CARTHAGE SULPHITE PULP & PAPER CO.
UNITED STATES MORTGAGE & TRUST CO.
v.
CARTHAGE SULPHITE PULP & PAPER CO. et al.

No. 363.

Circuit Court of Appeals, Second Circuit.

May 21, 1925.

*36 *37 George E. O'Connor and Thomas O'Connor, both of Waterford, N. Y., for unsecured creditors and Union Iron Works.

Patterson, Eagle, Greenough & Day, of New York City (J. Frederick Eagle and Carroll G. Walter, both of New York City, of counsel), for United States Mortgage, etc., Co.

Francis E. Cullen, of Watertown, N. Y., for C. E. Norris, receiver.

Before ROGERS, HOUGH, and MANTON, Circuit Judges.

HOUGH, Circuit Judge (after stating the facts as above).

The matters at bar are not very closely related logically, so we shall take them up in separate statements of opinion.

1. As to the alleged invalidity in toto of the defendants' mortgage, we think the decision below correct. There is no contention that its from is unusual or that filing was not attended to. Argument is (a) the above-quoted provisions of the mortgage, allowing Carthage Company to sell part of its property without accounting therefor to the mortgagee, are fraudulent and vitiatory of the entire mortgage; and (b) the mortgage operated upon a "stock of merchandise in bulk" or upon "merchandise and fixtures pertaining to the conduct of the business of the mortgagor," but no inventory of the mortgaged goods was given by mortgagor, and no notice was given creditors by the mortgagee, as required by section 230-a of New York Lien Law (Consol. Laws, c. 33, as added by Laws 1921, c. 462, amended by Laws 1922, c. 137).

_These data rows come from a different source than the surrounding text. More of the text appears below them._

(* Let $a\in\mathbb R$ and define $\Gamma_p$ and $A_{p,q}$ as in the context. Then, as meromorphic functions of $s$: (i) for all $m,n\in\mathbb Z$, $A_{m,n}(s)=A_{m,0}(s)+A_{0,n}(s)$; (ii) for all $m\in\mathbb Z$, $A_{m,0}(s)=A_{0,-m}(s+m)$; (iii) for all $\ell,m,n\in\mathbb Z$, $$\begin{aligned}&A_{m+\ell,n+\ell}(s)A_{\ell,0}(s)-A_{m,n}(s)A_{m+n,0}(s)+A_{n+m,\ell+m}(s)A_{m,0}(s)-A_{n,\ell}(s)A_{n+\ell,0}(s)\\&+A_{\ell+n,m+n}(s)A_{n,0}(s)-A_{\ell,m}(s)A_{\ell+m,0}(s)\\&+\Gamma_0(s)\big(A_{m,n}(s)-A_{m+\ell,n+\ell}(s)+A_{n,\ell}(s)-A_{n+m,\ell+m}(s)+A_{\ell,m}(s)-A_{\ell+n,m+n}(s)\big)=0.\end{aligned}$$
   Context: Fix $a\in\mathbb R$. For $p\in\mathbb Z$ define the meromorphic functions of $s\in\mathbb C$ $$\Gamma_p(s)=\frac{\Gamma(a(s+p)+1)}{\Gamma(a(s+p-1)+1)},\qquad A_{p,q}(s)=\Gamma_p(s)-\Gamma_q(s),$$ where $\Gamma$ is Euler's gamma function. *)

From Stdlib Require Import Reals.
From Coquelicot Require Import Coquelicot.
Open Scope R_scope.

Definition cpow_nat (n : nat) (z : C) : C :=
  Cmult (RtoC (exp (Re z * ln (INR n))))
        (cos (Im z * ln (INR n)), sin (Im z * ln (INR n))).

Fixpoint rising (z : C) (n : nat) : C :=
  match n with
  | O => z
  | S k => Cmult (rising z k) (Cplus z (RtoC (INR (S k))))
  end.

Definition gauss_term (z : C) (n : nat) : C :=
  Cdiv (Cmult (RtoC (INR (Factorial.fact n))) (cpow_nat n z)) (rising z n).

(* Euler's Gamma function on C, via Gauss's limit formula
   Gamma(z) = lim_{n -> oo} n! n^z / (z (z+1) ... (z+n)),
   valid for z not in {0,-1,-2,...}; at the poles the value is an
   unspecified complex number (total function). *)
Definition CGamma (z : C) : C :=
  lim (T := C_CompleteNormedModule) (filtermap (gauss_term z) eventually).

Definition Gam (a : R) (p : Z) (s : C) : C :=
  Cdiv (CGamma (Cplus (Cmult (RtoC a) (Cplus s (RtoC (IZR p)))) (RtoC 1)))
       (CGamma (Cplus (Cmult (RtoC a) (Cplus s (RtoC (IZR (p - 1))))) (RtoC 1))).

Definition Aq (a : R) (p q : Z) (s : C) : C := Cminus (Gam a p s) (Gam a q s).

From Stdlib Require Import Reals ZArith.
From Coquelicot Require Import Coquelicot.

(* Parts (i) and (iii) hold for the differences A_{p,q} = g p - g q of an
   arbitrary g : Z -> C; they are polynomial identities in the values g p once
   indices such as m + n and n + m are identified.  Only (ii) uses the shape of
   Gamma_p, through the translation rule Gamma_p(s + k) = Gamma_{p+k}(s).  All
   identities are pointwise, so the unspecified values of CGamma at its poles
   play no role. *)

Definition increment (g : Z -> C) (p q : Z) : C := (g p - g q)%C.

Section Hexagon.

Variable g : Z -> C.
Let A := increment g.

Lemma increment_cocycle (p q r : Z) : A p r = (A p q + A q r)%C.
Proof. unfold A, increment; ring. Qed.

Lemma increment_hexagon (l m n : Z) :
  (A (m + l) (n + l) * A l 0 - A m n * A (m + n) 0
   + A (n + m) (l + m) * A m 0 - A n l * A (n + l) 0
   + A (l + n) (m + n) * A n 0 - A l m * A (l + m) 0
   + g 0%Z * (A m n - A (m + l) (n + l) + A n l
              - A (n + m) (l + m) + A l m - A (l + n) (m + n)) = 0)%C.
Proof.
  unfold A, increment.
  rewrite (Z.add_comm n m), (Z.add_comm l m), (Z.add_comm l n).
  ring.
Qed.

End Hexagon.

Lemma Cplus_IZR_assoc (s : C) (p q : Z) :
  (s + RtoC (IZR p) + RtoC (IZR q))%C = (s + RtoC (IZR (p + q)))%C.
Proof.
  rewrite plus_IZR.
  apply injective_projections; simpl; ring.
Qed.

Lemma Gam_shift (a : R) (p k : Z) (s : C) :
  Gam a p (s + RtoC (IZR k))%C = Gam a (p + k) s.
Proof.
  unfold Gam.
  rewrite !Cplus_IZR_assoc.
  replace (k + (p - 1))%Z with (p + k - 1)%Z by ring.
  rewrite (Z.add_comm k p).
  reflexivity.
Qed.

Lemma Aq_shift (a : R) (p q k : Z) (s : C) :
  Aq a p q (s + RtoC (IZR k))%C = Aq a (p + k) (q + k) s.
Proof. unfold Aq; rewrite !Gam_shift; reflexivity. Qed.

Theorem mainTheorem2 (a : R) :
  (forall (m n : Z) (s : C), Aq a m n s = Aq a m 0 s + Aq a 0 n s)%C /\
  (forall (m : Z) (s : C), Aq a m 0 s = Aq a 0 (- m) (s + RtoC (IZR m)))%C /\
  (forall (l m n : Z) (s : C),
     (Aq a (m + l) (n + l) s * Aq a l 0 s - Aq a m n s * Aq a (m + n) 0 s
      + Aq a (n + m) (l + m) s * Aq a m 0 s - Aq a n l s * Aq a (n + l) 0 s
      + Aq a (l + n) (m + n) s * Aq a n 0 s - Aq a l m s * Aq a (l + m) 0 s
      + Gam a 0 s * (Aq a m n s - Aq a (m + l) (n + l) s + Aq a n l s
                     - Aq a (n + m) (l + m) s + Aq a l m s - Aq a (l + n) (m + n) s)
     = 0)%C).
Proof.
  split; [| split].
  - intros m n s.
    exact (increment_cocycle (fun p => Gam a p s) m 0 n).
  - intros m s.
    rewrite Aq_shift, Z.add_0_l, Z.add_opp_diag_l.
    reflexivity.
  - intros l m n s.
    exact (increment_hexagon (fun p => Gam a p s) l m n).
Qed.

The first contention is supported by citing cases such as In re Leslie-Judge Co. (C. C. A.) 272 F. 886, certiorari denied, 256 U.S. 704, 41 S. Ct. 625, 65 L. Ed. 1180, Russell v. Winne, 37 N.Y. 597, 97 Am. Dec. 755, and Skilton v. Coddington, 185 N.Y. 80, 77 N.E. 790, 113 Am. St. Rep. 885, which say that a reservation of right in a mortgagor to sell all or a large part of the material sought to be hypothecated under a chattel mortgage, and retain the proceeds thereof, renders the mortgage "fraudulent as matter of law and void in toto."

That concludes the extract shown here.